# Problem to work on:
Wherever a line in the data holds the word "exact", pull that line out.
Segment Open
Lemma rich_nseq n c : rich (nseq n c).
Proof.
rewrite /rich size_nseq -[n in RHS](size_iota 1) -(size_map (nseq^~ c)).
apply/perm_size/uniq_perm; rewrite ?undup_uniq //.
  by rewrite map_inj_uniq ?iota_uniq // => i j /(congr1 size); rewrite !size_nseq.
move=> t; rewrite mem_pal_factors; apply/and3P/mapP => [[t_nil _ infix_t]|[k]].
  have /all_pred1P def_t : all (pred1 c) t.
    by apply/allP => a /(mem_infix infix_t); rewrite mem_nseq => /andP[].
  exists (size t) => //; rewrite mem_iota lt0n size_eq0 t_nil add1n ltnS.
  by rewrite -(size_nseq n c) size_infix.
rewrite mem_iota add1n ltnS => /andP[k_gt0 k_le_n] ->.
rewrite /palindrome rev_nseq -size_eq0 size_nseq -lt0n k_gt0 eqxx.
by rewrite -(subnKC k_le_n) nseqD prefix_infix.
Qed.

End PalindromicFactors.

Section BlockReversal.
Variable T : eqType.
Implicit Types (u v p s : seq T) (bs : seq (seq T)).

Lemma flatten_filter_nil bs : flatten [seq b <- bs | b != [::]] = flatten bs.
Proof. by elim: bs => [|[|a b] bs IHbs] //=; rewrite IHbs. Qed.

Lemma in_BR_flatten bs : flatten bs != [::] -> in_BR (flatten bs) (flatten (rev bs)).
Proof.
move=> flatten_nil; exists [seq b <- bs | b != [::]]; split.
- by apply: contra_neq flatten_nil => /(congr1 flatten); rewrite flatten_filter_nil.
- exact: filter_all.
- exact: flatten_filter_nil.
- by rewrite -filter_rev flatten_filter_nil.
Qed.

Lemma in_BR_neq_nil u v : in_BR u v -> u != [::].
Proof.
by case=> bs [bs_nil all_nil <- _]; case: bs bs_nil all_nil => [|[|a b] bs].
Qed.

Lemma in_BR_cat u v p s : in_BR u v -> in_BR (p ++ u ++ s) (s ++ v ++ p).
Proof.
move=> uv; have := in_BR_neq_nil uv; case: uv => bs [_ _ <- ->] flatten_nil.
have := @in_BR_flatten (p :: bs ++ [:: s]).
rewrite rev_cons rev_cat /= flatten_rcons !flatten_cat /= !cats0; apply.
by apply: contra flatten_nil; rewrite -!size_eq0 !size_cat; lia.
Qed.

Lemma in_BR_perm u v : in_BR u v -> perm_eq v u.
Proof. by case=> bs [_ _ <- ->]; apply/perm_flatten; rewrite perm_rev. Qed.

End BlockReversal.

Section Alphabet.
Variable T : eqType.
Implicit Types (x y c : T) (s z : seq T).

Lemma nalph_cons x s : nalph (x :: s) = nalph s + (x \notin s).
Proof. by rewrite /nalph /=; case: (x \in s); rewrite ?addn0 ?addn1. Qed.

Lemma nalph_rev s : nalph (rev s) = nalph s.
Proof. exact/perm_size/perm_undup/mem_rev. Qed.

Lemma nalph_rcons s y : nalph (rcons s y) = nalph s + (y \notin s).
Proof. by rewrite -nalph_rev rev_rcons nalph_cons nalph_rev mem_rev. Qed.

Lemma nalph_uniq s : uniq s -> nalph s = size s.
Proof. by move=> uniq_s; rewrite /nalph undup_id. Qed.

Lemma nalph_gt0 s : s != [::] -> 0 < nalph s.
Proof. by apply: contraNT; rewrite lt0n negbK size_eq0 => /eqP/undup_nil ->. Qed.

Lemma nalph_eq1 s : nalph s = 1 -> exists c, s = nseq (size s) c.
Proof.
rewrite /nalph; case def_s: (undup s) => [|c []] // _; exists c.
by apply/all_pred1P/allP => a; rewrite -mem_undup def_s inE.
Qed.

(* [x] and [y] must both be letters not occurring elsewhere in [x z y]. *)
Lemma nalph_trim_nseq x z y : 2 < nalph (x :: rcons z y) ->
  nalph (x :: z) <= 2 -> nalph (rcons z y) <= 2 -> ~~ uniq (x :: z) ->
  exists c k, [/\ z = nseq k.+2 c, x != c, y != c & x != y].
Proof.
move=> xzy_gt2 xz_le2 zy_le2 not_uniq_xz.
have x_notin : x \notin rcons z y.
  by apply: contraTN xzy_gt2 => x_in; rewrite nalph_cons x_in addn0 -leqNgt.
have y_notin : y \notin x :: z.
  by apply: contraTN xzy_gt2 => y_in; rewrite -rcons_cons nalph_rcons y_in addn0 -leqNgt.
move: x_notin y_notin; rewrite mem_rcons !in_cons !negb_or eq_sym.
move=> /andP[y_neq_x x_notin_z] /andP[_ y_notin_z].
have /nalph_eq1[c def_z] : nalph z = 1.
  move: xzy_gt2 xz_le2; rewrite -rcons_cons nalph_rcons nalph_cons in_cons negb_or.
  lia.
move: x_notin_z y_notin_z not_uniq_xz; rewrite /= def_z.
case: (size z) => [|[|k]] x_notin y_notin; rewrite ?x_notin //= => _; exists c, k.
move: x_notin y_notin; rewrite !in_cons !negb_or eq_sym y_neq_x.
by move=> /andP[-> _] /andP[-> _].
Qed.

End Alphabet.

Section RichBlockReversals.
Variable T : eqType.
Implicit Types (x y c : T) (u v w z m s : seq T).

Definition all_BR_rich w := forall v, in_BR w v -> rich v.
Segment Closed
# Answer for the task:
- exact: filter_all.
- exact: flatten_filter_nil.
Proof. exact/perm_size/perm_undup/mem_rev. Qed.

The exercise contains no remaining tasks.